Set out exactly every line of the entries below, starting at the line that holds "Section ScalarPart." and stopping after the line that holds "apply: eq_bigr => k".

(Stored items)

= = = = = = =

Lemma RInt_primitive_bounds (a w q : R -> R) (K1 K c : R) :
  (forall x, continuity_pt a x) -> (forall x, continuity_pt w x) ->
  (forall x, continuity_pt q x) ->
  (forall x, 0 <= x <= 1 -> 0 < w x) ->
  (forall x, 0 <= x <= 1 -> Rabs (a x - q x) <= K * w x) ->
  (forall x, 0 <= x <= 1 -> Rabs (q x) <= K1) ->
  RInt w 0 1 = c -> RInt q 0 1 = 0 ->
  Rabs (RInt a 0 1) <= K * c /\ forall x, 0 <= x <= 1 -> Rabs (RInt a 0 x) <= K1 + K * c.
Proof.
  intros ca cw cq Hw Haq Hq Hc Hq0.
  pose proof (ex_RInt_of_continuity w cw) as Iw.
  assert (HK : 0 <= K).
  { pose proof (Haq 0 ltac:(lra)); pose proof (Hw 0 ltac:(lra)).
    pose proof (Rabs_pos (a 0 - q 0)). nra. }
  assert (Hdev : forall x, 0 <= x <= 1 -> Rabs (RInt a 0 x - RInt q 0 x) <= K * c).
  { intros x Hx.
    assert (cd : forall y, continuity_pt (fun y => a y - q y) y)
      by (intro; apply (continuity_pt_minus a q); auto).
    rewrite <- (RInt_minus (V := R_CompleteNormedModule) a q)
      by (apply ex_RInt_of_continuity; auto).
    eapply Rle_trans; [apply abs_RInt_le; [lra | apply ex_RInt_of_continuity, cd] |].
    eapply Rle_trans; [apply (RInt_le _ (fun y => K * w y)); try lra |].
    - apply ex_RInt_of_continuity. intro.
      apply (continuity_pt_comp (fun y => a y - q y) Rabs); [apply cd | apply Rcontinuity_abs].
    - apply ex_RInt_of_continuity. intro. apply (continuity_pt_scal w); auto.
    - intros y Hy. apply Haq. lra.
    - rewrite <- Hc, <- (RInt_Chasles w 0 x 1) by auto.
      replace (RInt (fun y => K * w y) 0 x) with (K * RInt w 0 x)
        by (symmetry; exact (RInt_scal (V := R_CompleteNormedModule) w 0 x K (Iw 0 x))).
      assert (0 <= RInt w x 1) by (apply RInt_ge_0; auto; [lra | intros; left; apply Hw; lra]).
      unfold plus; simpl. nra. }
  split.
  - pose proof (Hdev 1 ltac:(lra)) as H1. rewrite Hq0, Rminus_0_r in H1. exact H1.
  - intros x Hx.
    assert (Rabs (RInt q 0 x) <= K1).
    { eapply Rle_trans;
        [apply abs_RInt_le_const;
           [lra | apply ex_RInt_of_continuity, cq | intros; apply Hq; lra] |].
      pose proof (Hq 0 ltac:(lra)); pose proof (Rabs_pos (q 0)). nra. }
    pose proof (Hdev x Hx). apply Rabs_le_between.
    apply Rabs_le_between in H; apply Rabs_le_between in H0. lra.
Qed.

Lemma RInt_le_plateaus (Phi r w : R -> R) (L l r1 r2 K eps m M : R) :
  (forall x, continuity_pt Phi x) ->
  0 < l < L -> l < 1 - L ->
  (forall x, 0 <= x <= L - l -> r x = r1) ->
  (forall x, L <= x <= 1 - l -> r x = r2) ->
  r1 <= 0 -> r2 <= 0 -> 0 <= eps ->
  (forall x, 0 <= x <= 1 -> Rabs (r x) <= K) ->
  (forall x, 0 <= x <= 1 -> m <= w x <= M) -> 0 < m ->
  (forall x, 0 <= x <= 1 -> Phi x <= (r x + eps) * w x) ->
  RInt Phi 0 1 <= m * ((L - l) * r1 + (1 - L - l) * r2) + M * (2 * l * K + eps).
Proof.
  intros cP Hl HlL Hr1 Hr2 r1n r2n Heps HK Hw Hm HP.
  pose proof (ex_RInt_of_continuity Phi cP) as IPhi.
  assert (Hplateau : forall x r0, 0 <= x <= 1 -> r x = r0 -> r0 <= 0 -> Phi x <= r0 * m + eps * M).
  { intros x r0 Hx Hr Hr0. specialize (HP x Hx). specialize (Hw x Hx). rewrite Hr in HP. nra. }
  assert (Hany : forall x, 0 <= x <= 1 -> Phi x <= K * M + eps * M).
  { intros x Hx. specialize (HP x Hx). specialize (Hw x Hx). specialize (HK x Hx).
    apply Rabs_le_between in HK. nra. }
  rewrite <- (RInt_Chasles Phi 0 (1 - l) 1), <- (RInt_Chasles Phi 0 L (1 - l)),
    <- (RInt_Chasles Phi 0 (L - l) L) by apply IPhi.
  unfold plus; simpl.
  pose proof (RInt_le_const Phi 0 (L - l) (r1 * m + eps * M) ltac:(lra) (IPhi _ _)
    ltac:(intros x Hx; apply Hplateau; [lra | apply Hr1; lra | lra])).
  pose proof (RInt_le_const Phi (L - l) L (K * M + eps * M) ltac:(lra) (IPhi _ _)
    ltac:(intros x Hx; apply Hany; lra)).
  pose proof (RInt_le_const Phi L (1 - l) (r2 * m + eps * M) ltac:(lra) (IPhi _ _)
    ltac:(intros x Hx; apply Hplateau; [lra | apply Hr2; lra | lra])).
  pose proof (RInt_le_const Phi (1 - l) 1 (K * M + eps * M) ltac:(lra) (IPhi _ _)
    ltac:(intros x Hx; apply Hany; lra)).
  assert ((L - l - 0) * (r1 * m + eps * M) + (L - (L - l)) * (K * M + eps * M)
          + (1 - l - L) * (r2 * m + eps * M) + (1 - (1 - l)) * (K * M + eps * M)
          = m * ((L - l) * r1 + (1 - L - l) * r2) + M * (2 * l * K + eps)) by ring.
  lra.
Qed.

= = = = = = =

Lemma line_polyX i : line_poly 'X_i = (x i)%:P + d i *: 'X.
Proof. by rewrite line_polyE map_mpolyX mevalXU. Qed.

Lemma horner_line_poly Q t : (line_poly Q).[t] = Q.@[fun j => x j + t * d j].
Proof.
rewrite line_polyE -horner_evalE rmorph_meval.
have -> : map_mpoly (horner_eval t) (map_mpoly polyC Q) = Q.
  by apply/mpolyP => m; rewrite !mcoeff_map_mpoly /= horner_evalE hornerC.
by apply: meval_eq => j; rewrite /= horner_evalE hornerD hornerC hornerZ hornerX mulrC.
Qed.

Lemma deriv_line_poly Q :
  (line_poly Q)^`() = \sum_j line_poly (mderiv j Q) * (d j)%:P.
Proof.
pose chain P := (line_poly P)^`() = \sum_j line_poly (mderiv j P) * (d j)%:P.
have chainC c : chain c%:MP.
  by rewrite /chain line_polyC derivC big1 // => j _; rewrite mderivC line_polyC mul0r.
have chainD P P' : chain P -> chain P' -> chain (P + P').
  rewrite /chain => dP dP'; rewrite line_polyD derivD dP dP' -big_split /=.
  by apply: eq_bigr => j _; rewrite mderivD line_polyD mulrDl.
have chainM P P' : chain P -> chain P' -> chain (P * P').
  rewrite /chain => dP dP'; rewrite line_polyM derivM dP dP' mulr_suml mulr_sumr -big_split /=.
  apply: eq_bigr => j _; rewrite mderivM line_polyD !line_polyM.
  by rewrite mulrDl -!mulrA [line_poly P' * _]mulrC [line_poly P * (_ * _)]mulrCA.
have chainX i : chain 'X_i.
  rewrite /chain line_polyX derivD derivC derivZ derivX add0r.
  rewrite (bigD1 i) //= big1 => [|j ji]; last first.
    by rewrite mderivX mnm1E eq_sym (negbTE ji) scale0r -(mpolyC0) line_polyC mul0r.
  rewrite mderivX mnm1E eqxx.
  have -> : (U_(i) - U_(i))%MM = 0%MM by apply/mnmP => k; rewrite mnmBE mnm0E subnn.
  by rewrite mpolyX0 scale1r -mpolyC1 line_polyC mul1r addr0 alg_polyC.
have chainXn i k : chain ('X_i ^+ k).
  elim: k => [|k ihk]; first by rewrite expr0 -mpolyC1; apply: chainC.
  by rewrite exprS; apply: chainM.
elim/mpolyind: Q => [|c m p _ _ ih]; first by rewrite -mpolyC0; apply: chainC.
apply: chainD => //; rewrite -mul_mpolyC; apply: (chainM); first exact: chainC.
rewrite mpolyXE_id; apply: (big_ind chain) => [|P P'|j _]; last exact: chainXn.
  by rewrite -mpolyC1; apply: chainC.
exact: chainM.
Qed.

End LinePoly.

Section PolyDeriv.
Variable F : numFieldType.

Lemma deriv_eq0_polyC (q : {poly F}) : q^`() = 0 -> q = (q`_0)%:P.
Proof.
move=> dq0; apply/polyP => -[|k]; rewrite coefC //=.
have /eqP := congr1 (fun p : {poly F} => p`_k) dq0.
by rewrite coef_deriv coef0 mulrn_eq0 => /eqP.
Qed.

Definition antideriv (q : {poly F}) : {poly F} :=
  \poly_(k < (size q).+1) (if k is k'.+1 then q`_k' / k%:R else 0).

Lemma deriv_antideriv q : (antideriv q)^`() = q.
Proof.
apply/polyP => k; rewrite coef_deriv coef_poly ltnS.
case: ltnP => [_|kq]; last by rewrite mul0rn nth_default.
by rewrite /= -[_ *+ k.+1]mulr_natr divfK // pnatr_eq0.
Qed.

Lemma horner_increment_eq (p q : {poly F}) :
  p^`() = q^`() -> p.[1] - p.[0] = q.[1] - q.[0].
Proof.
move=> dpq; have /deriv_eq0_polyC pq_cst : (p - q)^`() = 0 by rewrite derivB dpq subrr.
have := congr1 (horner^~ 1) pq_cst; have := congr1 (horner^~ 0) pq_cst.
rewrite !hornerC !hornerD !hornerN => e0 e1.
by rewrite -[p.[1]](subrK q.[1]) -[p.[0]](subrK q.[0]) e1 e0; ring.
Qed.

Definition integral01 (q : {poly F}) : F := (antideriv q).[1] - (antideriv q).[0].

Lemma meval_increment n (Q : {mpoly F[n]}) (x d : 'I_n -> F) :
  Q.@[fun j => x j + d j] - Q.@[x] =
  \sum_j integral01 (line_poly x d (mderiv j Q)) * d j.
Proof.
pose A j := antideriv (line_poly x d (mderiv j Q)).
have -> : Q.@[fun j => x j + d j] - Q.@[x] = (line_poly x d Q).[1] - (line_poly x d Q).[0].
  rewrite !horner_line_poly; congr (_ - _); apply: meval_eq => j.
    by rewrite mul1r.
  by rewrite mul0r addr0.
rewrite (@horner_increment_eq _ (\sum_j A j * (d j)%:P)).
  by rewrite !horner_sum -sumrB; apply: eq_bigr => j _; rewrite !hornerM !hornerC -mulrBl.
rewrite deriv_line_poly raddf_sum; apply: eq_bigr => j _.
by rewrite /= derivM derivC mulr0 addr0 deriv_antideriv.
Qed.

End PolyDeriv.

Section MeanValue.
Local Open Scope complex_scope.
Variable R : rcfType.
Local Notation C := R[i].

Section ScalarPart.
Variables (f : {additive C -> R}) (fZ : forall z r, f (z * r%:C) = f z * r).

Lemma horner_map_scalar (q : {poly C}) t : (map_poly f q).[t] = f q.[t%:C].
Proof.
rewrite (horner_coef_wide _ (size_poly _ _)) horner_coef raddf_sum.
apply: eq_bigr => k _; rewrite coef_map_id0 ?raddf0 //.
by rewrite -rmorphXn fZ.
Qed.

= = = = = = =

- **SOLUTION FOR THIS TASK**
Section ScalarPart.
Variables (f : {additive C -> R}) (fZ : forall z r, f (z * r%:C) = f z * r).

Lemma horner_map_scalar (q : {poly C}) t : (map_poly f q).[t] = f q.[t%:C].
Proof.
rewrite (horner_coef_wide _ (size_poly _ _)) horner_coef raddf_sum.
apply: eq_bigr => k _; rewrite coef_map_id0 ?raddf0 //.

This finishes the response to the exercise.